Working data START
(* Let $\mathbf X\in\mathbb R^{n\times T}$, $k\le\min(n,T)$, $\mathbf W\in\mathbb R^{k\times n}$. Then $$\min_{\mathbf Y\in\mathbb R^{k\times T}}\max_{\mathbf M\in\mathbb R^{k\times k}}G(\mathbf Y,\mathbf M)=\max_{\mathbf M\in\mathbb R^{k\times k}}\min_{\mathbf Y\in\mathbb R^{k\times T}}G(\mathbf Y,\mathbf M)=-\frac2{T^{1/2}}\mathrm{Tr}\big((\mathbf W\mathbf X\mathbf X^\top\mathbf W^\top)^{1/2}\big),$$ where $G(\mathbf Y,\mathbf M)=-\frac2T\mathrm{Tr}(\mathbf X^\top\mathbf W^\top\mathbf Y)+\mathrm{Tr}\big(\mathbf M(\frac1T\mathbf Y\mathbf Y^\top-\mathbf I)\big)$. Consequently, with $L_{PSW}(\mathbf W,\mathbf M,\mathbf Y)=G(\mathbf Y,\mathbf M)+\mathrm{Tr}(\mathbf W^\top\mathbf W)$, one has $\max_{\mathbf M}\min_{\mathbf Y}L_{PSW}=\mathrm{Tr}\big(-\frac2{T^{1/2}}(\mathbf W\mathbf X\mathbf X^\top\mathbf W^\top)^{1/2}+\mathbf W\mathbf W^\top\big)$.
   Context: Matrix square roots of positive semidefinite matrices are the positive semidefinite ones. *)

(* real closed field R (the statement is first-order over the
   reals, so it is stated for every rcfType, which includes the real numbers). *)
From HB Require Import structures.
From mathcomp Require Import all_boot all_order all_algebra.
Set Implicit Arguments. Unset Strict Implicit. Unset Printing Implicit Defensive.
Import Order.TTheory GRing.Theory Num.Theory.
Local Open Scope ring_scope.

Section Defs.
Variable R : rcfType.

Definition psd (p : nat) (A : 'M[R]_p) : Prop :=
  A^T = A /\ forall x : 'cV[R]_p, 0 <= (x^T *m A *m x) ord0 ord0.

Definition is_psd_sqrt (p : nat) (A S : 'M[R]_p) : Prop :=
  psd S /\ S *m S = A.

Definition is_max_of (U : Type) (f : U -> R) (v : R) : Prop :=
  (exists u, f u = v) /\ forall u, f u <= v.
Definition is_min_of (U : Type) (f : U -> R) (v : R) : Prop :=
  (exists u, f u = v) /\ forall u, v <= f u.

(* min_a max_b f a b = v, inner max read in the extended reals
   (sup_b f a b may be +oo); the outer min is attained at some a whose
   inner max is attained and equals v. *)
Definition minmax_eq (A B : Type) (f : A -> B -> R) (v : R) : Prop :=
  (exists a, is_max_of (f a) v) /\
  (forall a w, w < v -> exists b, w < f a b).

Definition maxmin_eq (A B : Type) (f : A -> B -> R) (v : R) : Prop :=
  (exists b, is_min_of (fun a => f a b) v) /\
  (forall b w, v < w -> exists a, f a b < w).

Definition Gfun (n T k : nat) (X : 'M[R]_(n, T)) (W : 'M[R]_(k, n))
    (Y : 'M[R]_(k, T)) (M : 'M[R]_k) : R :=
  - (2 / T%:R) * \tr (X^T *m W^T *m Y)
  + \tr (M *m ((T%:R)^-1 *: (Y *m Y^T) - 1%:M)).

Definition L_PSW (n T k : nat) (X : 'M[R]_(n, T)) (W : 'M[R]_(k, n))
    (M : 'M[R]_k) (Y : 'M[R]_(k, T)) : R :=
  Gfun X W Y M + \tr (W^T *m W).

End Defs.

From HB Require Import structures.
From mathcomp Require Import all_boot all_order all_algebra.
From mathcomp Require Import ring.
Import Order.TTheory GRing.Theory Num.Theory.
Local Open Scope ring_scope.

Set Implicit Arguments. Unset Strict Implicit. Unset Printing Implicit Defensive.

(* Write WX = S Q with Q Q^T = I (a polar decomposition, available since k <= T).
   At Y0 = sqrt T Q the constraint (1/T) Y0 Y0^T = I holds, so G(Y0, .) is
   constant equal to v = -(2/sqrt T) Tr S.  At M0 = S / sqrt T, completing the
   square gives G(Y, M0) = v + Tr((Y - Y0)^T S (Y - Y0)) / T^(3/2) >= v, as S is
   positive semidefinite.  Thus (Y0, M0) is a saddle point of G with value v,
   which yields both the min-max and the max-min equalities; L_PSW differs from
   G by the constant Tr(W^T W). *)

Section OrthonormalRows.
Variable R : rcfType.

Lemma mulmx_trmx_diag m n (M : 'M[R]_(m, n)) i :
  (M *m M^T) i i = \sum_j M i j ^+ 2.
Proof. by rewrite !mxE; apply: eq_bigr => j _; rewrite mxE expr2. Qed.

Lemma mulmx_trmx_eq0 m n (M : 'M[R]_(m, n)) : M *m M^T = 0 -> M = 0.
Proof.
move=> MMt0; apply/matrixP => i j; rewrite mxE.
have /esym/eqP := mulmx_trmx_diag M i; rewrite MMt0 mxE.
rewrite psumr_eq0 => [/allP/(_ j) | j' _]; last exact: sqr_ge0.
by rewrite mem_index_enum sqrf_eq0 => /(_ isT)/eqP.
Qed.

Lemma trmx_mul_eq0 m n p (A : 'M[R]_(m, n)) (B : 'M[R]_(p, n)) :
  A *m B^T = 0 -> B *m A^T = 0.
Proof. by move=> ABt0; rewrite -[LHS]trmxK trmx_mul trmxK ABt0 trmx0. Qed.

Lemma mulmx_eq0_of_gram m n p q (E : 'M[R]_(p, m)) (A : 'M[R]_(m, n))
    (S : 'M[R]_(m, q)) :
  S *m S^T = A *m A^T -> E *m S = 0 -> E *m A = 0.
Proof.
move=> gramSA ES0; apply: mulmx_trmx_eq0.
by rewrite trmx_mul mulmxA -(mulmxA E) -gramSA mulmxA ES0 !mul0mx.
Qed.

Lemma normalize_row n (x : 'rV[R]_n) :
  x != 0 -> exists2 c : R, c != 0 & (c *: x) *m (c *: x)^T = 1%:M.
Proof.
move=> x0; have xx_gt0 : 0 < (x *m x^T) 0 0.
  rewrite lt0r mulmx_trmx_diag sumr_ge0 ?andbT => [|j _]; last exact: sqr_ge0.
  apply: contra x0 => /eqP xx0; apply/eqP/mulmx_trmx_eq0/matrixP => i j.
  by rewrite !ord1 mulmx_trmx_diag xx0 mxE.
exists (Num.sqrt ((x *m x^T) 0 0))^-1.
  by rewrite invr_eq0 gt_eqF ?sqrtr_gt0.
apply/matrixP => i j; rewrite !ord1 linearZ /= -scalemxAl -scalemxAr !mxE eqxx.
move: xx_gt0; rewrite mxE => xx_gt0.
by rewrite mulrA -expr2 exprVn sqr_sqrtr ?ltW // mulVf ?gt_eqF.
Qed.

Lemma orthogonal_unit_row p n (U : 'M[R]_(p, n)) (d : 'rV[R]_n) :
  d *m U^T = 0 -> (\rank U < n)%N ->
  exists (x : 'rV[R]_n) (a : R), [/\ x *m x^T = 1%:M, x *m U^T = 0 & d = a *: x].
Proof.
move=> dU0 rankU; have [d0 | d_neq0] := eqVneq d 0.
  have : kermx U^T != 0.
    by rewrite -mxrank_eq0 mxrank_ker mxrank_tr -lt0n subn_gt0.
  case/rowV0Pn => y /sub_kermxP yU0 y0.
  have [c _ cy1] := normalize_row y0.
  by exists (c *: y), 0; split; rewrite ?d0 ?scale0r // -scalemxAl yU0 scaler0.
have [c c0 cd1] := normalize_row d_neq0.
exists (c *: d), c^-1; split => //; first by rewrite -scalemxAl dU0 scaler0.
by rewrite scalerA mulVf // scale1r.
Qed.

(* Gram-Schmidt. *)
Lemma orthonormal_factor p n (U : 'M[R]_(p, n)) m (B : 'M[R]_(m, n)) :
  B *m U^T = 0 -> (m + \rank U <= n)%N ->
  exists (L : 'M[R]_m) (N : 'M[R]_(m, n)),
    [/\ N *m N^T = 1%:M, N *m U^T = 0 & B = L *m N].
Proof.
elim: m B => [|m IHm] B BU0 rank_le.
  by exists 0, 0; split; apply/matrixP => [[]].
move: B BU0 rank_le; rewrite -[m.+1]/(1 + m)%N => B BU0 rank_le.
rewrite -[B]vsubmxK; set b := usubmx (B : 'M_(1 + m, n)); set B' := dsubmx _.
move: BU0; rewrite -[B]vsubmxK mul_col_mx => /eqP; rewrite col_mx_eq0.
case/andP => /eqP bU0 /eqP B'U0.
have [L' [N' [N'N'1 N'U0 ->]]] := IHm B' B'U0 (ltnW rank_le).
pose d := b - b *m N'^T *m N'.
have dN'U0 : d *m (col_mx N' U)^T = 0.
  rewrite tr_col_mx mul_mx_row /d !mulmxBl -!mulmxA N'N'1 mulmx1 subrr.
  by rewrite bU0 N'U0 !mulmx0 subrr row_mx0.
have rank_N'U : (\rank (col_mx N' U) < n)%N.
  rewrite -addsmxE; apply: leq_ltn_trans (mxrank_adds_leqif _ _) _.
  by apply: leq_trans rank_le; rewrite ltn_add2r ltnS rank_leq_row.
have [x [a [xx1 xN'U0 da]]] := orthogonal_unit_row dN'U0 rank_N'U.
move: xN'U0; rewrite tr_col_mx mul_mx_row -row_mx0 => /eq_row_mx[xN'0 xU0].
exists (block_mx a%:M (b *m N'^T) 0 L'), (col_mx x N').
split.
- rewrite tr_col_mx mul_col_row xx1 N'N'1 xN'0 (trmx_mul_eq0 xN'0).
  by rewrite scalar_mx_block.
- by rewrite mul_col_mx xU0 N'U0 col_mx0.
- by rewrite mul_col_mx !mul_row_col mul_scalar_mx -da subrK mul0mx add0r.
Qed.

Lemma orthonormal_complement r k (V : 'M[R]_(r, k)) : V *m V^T = 1%:M ->
  exists W : 'M[R]_(k - r, k),
    [/\ W *m W^T = 1%:M, W *m V^T = 0 & V^T *m V + W^T *m W = 1%:M].
Proof.
move=> VV1; have rankV : \rank V = r.
  apply/eqP; rewrite eqn_leq rank_leq_row -{1}(mxrank1 R r) -VV1.
  exact: mxrankM_maxl.
have r_le_k : (r <= k)%N by rewrite -rankV rank_leq_col.
have [||_ [W [WW1 WV0 _]]] :=
  orthonormal_factor (U := V) (B := 0 : 'M_(k - r, k)).
- by rewrite mul0mx.
- by rewrite rankV subnK.
exists W; split => //.
have VW1 : col_mx V W *m (col_mx V W)^T = 1%:M.
  by rewrite tr_col_mx mul_col_row VV1 WW1 WV0 (trmx_mul_eq0 WV0) scalar_mx_block.
have VW_free : row_free (col_mx V W)^T.
  rewrite /row_free mxrank_tr eqn_leq rank_leq_col /=.
  rewrite -{1}(subnKC r_le_k) -{1}(mxrank1 R (r + (k - r))%N) -VW1.
  exact: mxrankM_maxl.
apply/eqP; rewrite -subr_eq0 -(mulmx_free_eq0 _ VW_free).
rewrite tr_col_mx mul_mx_row !mulmxBl !mulmxDl mul1mx -!mulmxA VV1 WW1 WV0.
by rewrite (trmx_mul_eq0 WV0) !mulmx0 !mulmx1 addr0 add0r mul1mx !subrr row_mx0.
Qed.

Lemma mulmx_orthoproj m r k (B : 'M[R]_(m, k)) (V : 'M[R]_(r, k)) :
  V *m V^T = 1%:M -> (B <= V)%MS -> B *m (V^T *m V) = B.
Proof.
move=> VV1 /mulmxKpV BV.
by rewrite -{1}BV -[_ *m V *m _]mulmxA (mulmxA V) VV1 mul1mx BV.
Qed.

Lemma orthonormal_row_basis m k (B : 'M[R]_(m, k)) :
  exists2 V : 'M[R]_(\rank B, k), V *m V^T = 1%:M & (B <= V)%MS.
Proof.
have [||L [V [VV1 _ BLV]]] :=
  orthonormal_factor (U := 0 : 'M_(0, k)) (B := row_base B).
- by rewrite trmx0 mulmx0.
- by rewrite mxrank0 addn0 rank_leq_col.
by exists V; rewrite // -(eq_row_base B) BLV submxMl.
Qed.

Lemma polar_decomposition k T (A : 'M[R]_(k, T)) (S : 'M[R]_k) :
  (k <= T)%N -> S^T = S -> S *m S = A *m A^T ->
  exists Q : 'M[R]_(k, T), Q *m Q^T = 1%:M /\ S *m Q = A.
Proof.
move=> k_le_T ST SS; pose r := \rank S.
have [V VV1 SV] : exists2 V : 'M_(r, k), V *m V^T = 1%:M & (S <= V)%MS.
  exact: orthonormal_row_basis.
pose P := V^T *m V.
have PT : P^T = P by rewrite /P trmx_mul trmxK.
have SP : S *m P = S := mulmx_orthoproj VV1 SV.
have PS : P *m S = S by rewrite -[LHS]trmxK trmx_mul PT ST SP.
pose S1 := V *m S *m V^T.
have S1T : S1^T = S1 by rewrite /S1 !trmx_mul trmxK ST mulmxA.
have S1_unit : S1 \in unitmx.
  have S_S1 : S = V^T *m S1 *m V.
    by rewrite /S1 !mulmxA -/P -(mulmxA _ V^T) -/P PS SP.
  rewrite -row_free_unit /row_free eqn_leq rank_leq_row /= /r {1}S_S1.
  exact: leq_trans (mxrankM_maxl _ _) (mxrankM_maxr _ _).
have PA : P *m A = A.
  apply/eqP; rewrite -subr_eq0 -{2}[A]mul1mx -mulmxBl; apply/eqP.
  apply: (mulmx_eq0_of_gram (S := S)); first by rewrite ST SS.
  by rewrite mulmxBl PS mul1mx subrr.
have [||_ [N [NN1 NA0 _]]] :=
  orthonormal_factor (U := A) (B := 0 : 'M_(k - r, T)).
- by rewrite mul0mx.
- apply: leq_trans k_le_T.
  rewrite -[X in (_ <= X)%N](subnK (rank_leq_row S)) leq_add2l.
  rewrite -PA -mulmxA; apply: leq_trans (mxrankM_maxl _ _) _.
  by rewrite mxrank_tr rank_leq_row.
have [W [WW1 WV0 PW1]] := orthonormal_complement VV1.
(* On the range of S, spanned by the rows of V, Q inverts S; on its orthogonal
   complement, spanned by the rows of W, it is the isometry N orthogonal to A. *)
pose Q1 := V^T *m invmx S1 *m V *m A; pose Q2 := W^T *m N.
have Q1Q1 : Q1 *m Q1^T = P.
  have VAAV p (Z : 'M_(r, p)) : V *m (A *m (A^T *m (V^T *m Z))) = S1 *m (S1 *m Z).
    have SPS : S *m S = S *m P *m S by rewrite SP.
    by rewrite !mulmxA -(mulmxA V A) -SS SPS /P /S1 !mulmxA.
  rewrite /Q1 !trmx_mul !trmxK trmx_inv S1T -!mulmxA VAAV.
  by rewrite mulKmx // mulKVmx.
have Q1Q2 : Q1 *m Q2^T = 0.
  rewrite /Q1 /Q2 trmx_mul trmxK -mulmxA (mulmxA A) (trmx_mul_eq0 NA0).
  by rewrite mul0mx mulmx0.
have Q2Q2 : Q2 *m Q2^T = W^T *m W.
  by rewrite /Q2 trmx_mul trmxK -mulmxA (mulmxA N) NN1 mul1mx.
exists (Q1 + Q2); split.
  rewrite raddfD /= mulmxDl !mulmxDr Q1Q1 Q1Q2 (trmx_mul_eq0 Q1Q2) Q2Q2.
  by rewrite addr0 add0r; exact: PW1.
have SVt : S *m V^T = V^T *m S1 by rewrite -{1}PS /P /S1 !mulmxA.
have SWt : S *m W^T = 0 by rewrite -SP /P -!mulmxA (trmx_mul_eq0 WV0) !mulmx0.
rewrite mulmxDr /Q1 /Q2 !mulmxA SVt SWt mul0mx addr0 -(mulmxA V^T S1).
by rewrite mulmxV // mulmx1 -/P PA.
Qed.

Lemma mxtrace_psd_ge0 k T (S : 'M[R]_k) (Z : 'M[R]_(k, T)) :
  psd S -> 0 <= \tr (Z^T *m S *m Z).
Proof.
case=> _ S_ge0; apply: sumr_ge0 => j _.
suff <- : ((col j Z)^T *m S *m col j Z) 0 0 = (Z^T *m S *m Z) j j by [].
by rewrite tr_col -row_mul !mxE; apply: eq_bigr => l _; rewrite !mxE.
Qed.

End OrthonormalRows.

Section MinMax.
Variable R : rcfType.

Lemma saddle_point_eq (A B : Type) (f : A -> B -> R) a0 b0 v :
  (forall b, f a0 b <= v) -> (forall a, v <= f a b0) ->
  minmax_eq f v /\ maxmin_eq f v.
Proof.
move=> le_v ge_v; have f0 : f a0 b0 = v by apply/le_anti; rewrite le_v ge_v.
split; split.
- by exists a0; split; first exists b0.
- by move=> a w wv; exists b0; apply: lt_le_trans wv (ge_v a).
- by exists b0; split; first exists a0.
- by move=> b w vw; exists a0; apply: le_lt_trans (le_v b) vw.
Qed.

Lemma maxmin_eqDr (A B : Type) (f : A -> B -> R) v c :
  maxmin_eq f v -> maxmin_eq (fun a b => f a b + c) (v + c).
Proof.
case=> [[b [[a fab] le_v]] near_v]; split.
  exists b; split; first by exists a; rewrite fab.
  by move=> a'; rewrite lerD2r le_v.
move=> b' w; rewrite -ltrBrDr => /(near_v b')[a' fa'].
by exists a'; rewrite -ltrBrDr.
Qed.

End MinMax.

Section PSWObjective.
Variables (R : rcfType) (n T k : nat) (X : 'M[R]_(n, T)) (W : 'M[R]_(k, n)).

Lemma GfunE Y M : Gfun X W Y M =
  - (2 / T%:R) * \tr ((W *m X)^T *m Y)
    + (T%:R)^-1 * \tr (M *m (Y *m Y^T)) - \tr M.
Proof.
by rewrite /Gfun trmx_mul mulmxBr mulmx1 -scalemxAr raddfB /= mxtraceZ addrA.
Qed.

Variables (S : 'M[R]_k) (Q : 'M[R]_(k, T)) (sT : R).
Hypotheses (ST : S^T = S) (QQ1 : Q *m Q^T = 1%:M) (SQ : S *m Q = W *m X)
  (sT_neq0 : sT != 0) (sqr_sT : sT ^+ 2 = T%:R).

Let WXtQS : (W *m X)^T = Q^T *m S. Proof. by rewrite -SQ trmx_mul ST. Qed.
Let trQtSQ : \tr (Q^T *m S *m Q) = \tr S.
Proof. by rewrite mxtrace_mulC mulmxA QQ1 mul1mx. Qed.

Lemma Gfun_scaled_polar M : Gfun X W (sT *: Q) M = - (2 / sT) * \tr S.
Proof.
rewrite GfunE !linearZ /= -scalemxAl QQ1 -scalemxAr mxtraceZ mulmx1 WXtQS.
rewrite trQtSQ -sqr_sT; field; exact: sT_neq0.
Qed.

Lemma Gfun_complete_square Y :
  Gfun X W Y (sT^-1 *: S) = - (2 / sT) * \tr S
    + \tr ((Y - sT *: Q)^T *m S *m (Y - sT *: Q)) / sT ^+ 3.
Proof.
have trYtSY : \tr (Y^T *m S *m Y) = \tr (S *m (Y *m Y^T)).
  by rewrite -mulmxA mxtrace_mulC mulmxA.
have trYtSQ : \tr (Y^T *m S *m Q) = \tr ((W *m X)^T *m Y).
  by rewrite -mulmxA SQ -mxtrace_tr trmx_mul trmxK.
rewrite [(Y - _)^T]raddfB /= [(_ *: Q)^T]linearZ /= !mulmxBl !mulmxBr.
rewrite -!scalemxAl -!scalemxAr !raddfB /= !mxtraceZ trYtSY trYtSQ trQtSQ -WXtQS.
rewrite GfunE -scalemxAl !mxtraceZ -sqr_sT.
by field.
Qed.

End PSWObjective.

Lemma Gfun_saddle_point (R : rcfType) n T k (X : 'M[R]_(n, T))
    (W : 'M[R]_(k, n)) (S : 'M[R]_k) :
  (k <= T)%N -> is_psd_sqrt (W *m X *m X^T *m W^T) S ->
  let v := - (2 / Num.sqrt (T%:R)) * \tr S in
  exists Y0 M0, (forall M, Gfun X W Y0 M <= v) /\ (forall Y, v <= Gfun X W Y M0).
Proof.
move=> k_le_T [S_psd SS] v; have [T0 | T_gt0] := posnP T.
  subst T; move: k_le_T; rewrite leqn0 => /eqP k0; subst k.
  have tr0 (A : 'M[R]_0) : \tr A = 0 by rewrite [A]flatmx0 mxtrace0.
  by exists 0, 0; split=> *; rewrite /v GfunE !tr0 !mulr0 !subr0 addr0.
have [Q [QQ1 SQ]] : exists Q, Q *m Q^T = 1%:M /\ S *m Q = W *m X.
  by apply: polar_decomposition S_psd.1 _; rewrite // SS !trmx_mul !mulmxA.
pose sT := Num.sqrt (T%:R : R).
have sT_neq0 : sT != 0 by rewrite gt_eqF // sqrtr_gt0 ltr0n.
have sqr_sT : sT ^+ 2 = T%:R by rewrite sqr_sqrtr ?ler0n.
exists (sT *: Q), (sT^-1 *: S); split=> [M | Y].
  by rewrite (Gfun_scaled_polar S_psd.1 QQ1 SQ sT_neq0 sqr_sT).
rewrite (Gfun_complete_square S_psd.1 QQ1 SQ sT_neq0 sqr_sT) lerDl.
by rewrite divr_ge0 ?exprn_ge0 ?sqrtr_ge0 ?mxtrace_psd_ge0.
Qed.

Theorem proposition5 (R : rcfType) (n T k : nat)
  (X : 'M[R]_(n, T)) (W : 'M[R]_(k, n)) (S : 'M[R]_k) :
  (k <= minn n T)%N ->
  is_psd_sqrt (W *m X *m X^T *m W^T) S ->
  minmax_eq (fun (Y : 'M[R]_(k, T)) (M : 'M[R]_k) => Gfun X W Y M)
            (- (2 / Num.sqrt (T%:R)) * \tr S) /\
  maxmin_eq (fun (Y : 'M[R]_(k, T)) (M : 'M[R]_k) => Gfun X W Y M)
            (- (2 / Num.sqrt (T%:R)) * \tr S) /\
  maxmin_eq (fun (Y : 'M[R]_(k, T)) (M : 'M[R]_k) => L_PSW X W M Y)
            (\tr (- (2 / Num.sqrt (T%:R)) *: S + W *m W^T)).
Proof.
rewrite leq_min => /andP[_ k_le_T] sqrtS.
have [Y0 [M0 [le_v ge_v]]] := Gfun_saddle_point k_le_T sqrtS.
have [minmax maxmin] := saddle_point_eq le_v ge_v.
split=> //; split=> //.
rewrite raddfD /= mxtraceZ mxtrace_mulC.
exact: maxmin_eqDr maxmin.
Qed.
Working data END
Required action: Report how many lines of the entries hold the string "case". Provide the number alone.

Exercise response: 4